No indictment, no transparency in Sandra Bland case



The American justice system has failed another citizen with its decision not to indict anyone in the Sandra Bland case.

Bland was found dead in a jail cell on July 13, after she was arrested and accused of assaulting a police officer during a traffic stop on July 10. Bland was originally pulled over for failing to signal a lane change in Texas.

The Texas Department of Public Safety said that during the traffic stop Bland became argumentative and uncooperative after the arresting officer told her to put out her cigarette. Bland refused and the officer, Brian Encinia, opened her door and told her, “I’m going to yank you out of (the car).”

However, there is no law that states one cannot smoke cigarettes during a traffic stop. Bland being asked to step out of the car for this reason was a violation of her rights.

A cell phone video supposedly showing Bland’s arrest was posted online, showing the officer using his knee to hold a woman on the ground. Later in the video, she is heard asking, “You just slammed my head into the ground, do you not care about that?”

She is also heard saying, “for a traffic signal!”

The grand jury decided that no indictments could be handed out for anyone involved in this case. “The grand jury has looked at all the evidence and found no evidence of murder,” said special prosecutor Darrell Jordan, who is handling the case.

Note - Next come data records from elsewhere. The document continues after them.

(* In the allocation problem described in the context, let $\pi=(\pi_1,\ldots,\pi_n)$ be the agents' preference lists and let $a$ be a Pareto efficient allocation. Then there exist speed functions $\eta_1,\ldots,\eta_n$ such that the extended SG mechanism with these speeds and truthful bids $\pi$ produces exactly the allocation $a$.
   Context: There are $m$ distinct divisible goods; good $j$ is available in amount $q_j>0$. There are $n$ agents; agent $i$ is to receive a total of $r_i>0$, with $\sum_j q_j=\sum_i r_i$. An allocation is a family $a_{ij}\ge 0$ with $\sum_j a_{ij}=r_i$ and $\sum_i a_{ij}=q_j$; $a_{i*}=(a_{i1},\ldots,a_{im})$ is agent $i$'s share. Each agent $i$ has a preference list $\pi_i$, a permutation of the goods ($\pi_i(1)$ most preferred). Agent $i$ prefers $a_{i*}$ to $b_{i*}$, written $a_{i*}>_i b_{i*}$, if the leftmost nonzero coordinate of $(a_{i\pi_i(\ell)}-b_{i\pi_i(\ell)})_{\ell=1}^m$ is positive. An allocation $a$ is Pareto efficient if there is no allocation $b$ such that every agent $i$ has $b_{i*}=a_{i*}$ or $b_{i*}>_i a_{i*}$, and some agent $i$ has $b_{i*}>_i a_{i*}$. A speed function for agent $i$ is a nonnegative integrable function $\eta_i:[0,1]\to\mathbb{R}_{\ge 0}$ with $\int_0^1\eta_i(t)\,dt=r_i$. The extended SG mechanism with speeds $\eta_1,\ldots,\eta_n$: each agent $i$ bids a permutation $\sigma_i$ of the goods; over time $t\in[0,1]$, each agent $i$ receives, at rate $\eta_i(t)$, the good highest in $\sigma_i$ among those not yet exhausted (a good is exhausted when the total amount handed out equals $q_j$; several agents may receive a good simultaneously; upon exhaustion, agents receiving it switch to their next non-exhausted good). The resulting allocation records the total amount of each good each agent receives. *)

From HB Require Import structures.
From mathcomp Require Import all_boot all_order all_algebra all_fingroup.
From mathcomp Require Import all_classical all_reals all_analysis.
Set Implicit Arguments. Unset Strict Implicit. Unset Printing Implicit Defensive.
Import Order.TTheory GRing.Theory Num.Theory.
Local Open Scope classical_set_scope.
Local Open Scope ring_scope.

Section SG.
Variable R : realType.
Variables n m : nat.
(* agents are 'I_n, goods are 'I_m.
   A preference list / bid is a permutation s : {perm 'I_m}; s k is the good
   of rank k (rank 0 = most preferred). *)

Definition is_allocation (q : 'I_m -> R) (r : 'I_n -> R)
    (a : 'I_n -> 'I_m -> R) : Prop :=
  [/\ forall i j, 0 <= a i j,
      forall i, \sum_(j < m) a i j = r i &
      forall j, \sum_(i < n) a i j = q j].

However, the grand jury will reconvene in January to decide if people need to be indicted on other charges related to Bland’s case.

When Bland’s family learned of her death, they were trying to raise 10 percent of her $5,000 bail for her release.

Bland’s autopsy found that she suffered from deep tissue bruising to her back. Three days after her arrest, Bland was found dead in her cell. Authorities said that she hanged herself with a plastic trash bag.

The news of no indictment leads more and more citizens to distrust the judicial system, and the police. People need transparency so that if someone really does commit suicide while in jail, the public has no reason to believe there was foul play.

There are many questions that arose around the time of her death: how did 6-foot-tall Bland manage to hang herself in such a small cell and was the dash-cam footage that was released tampered with?

Many of these questions were left unanswered, leaving the public out of the loop with what really happened in that jail cell, and what ultimately caused Sandra Bland’s death.

Police departments need to learn that having the trust of the people you’re policing is essential to effective policing. As of right now, the African-American community has very little trust in the police and our justice system as a whole.

Savon Gray is a journalism sophomore.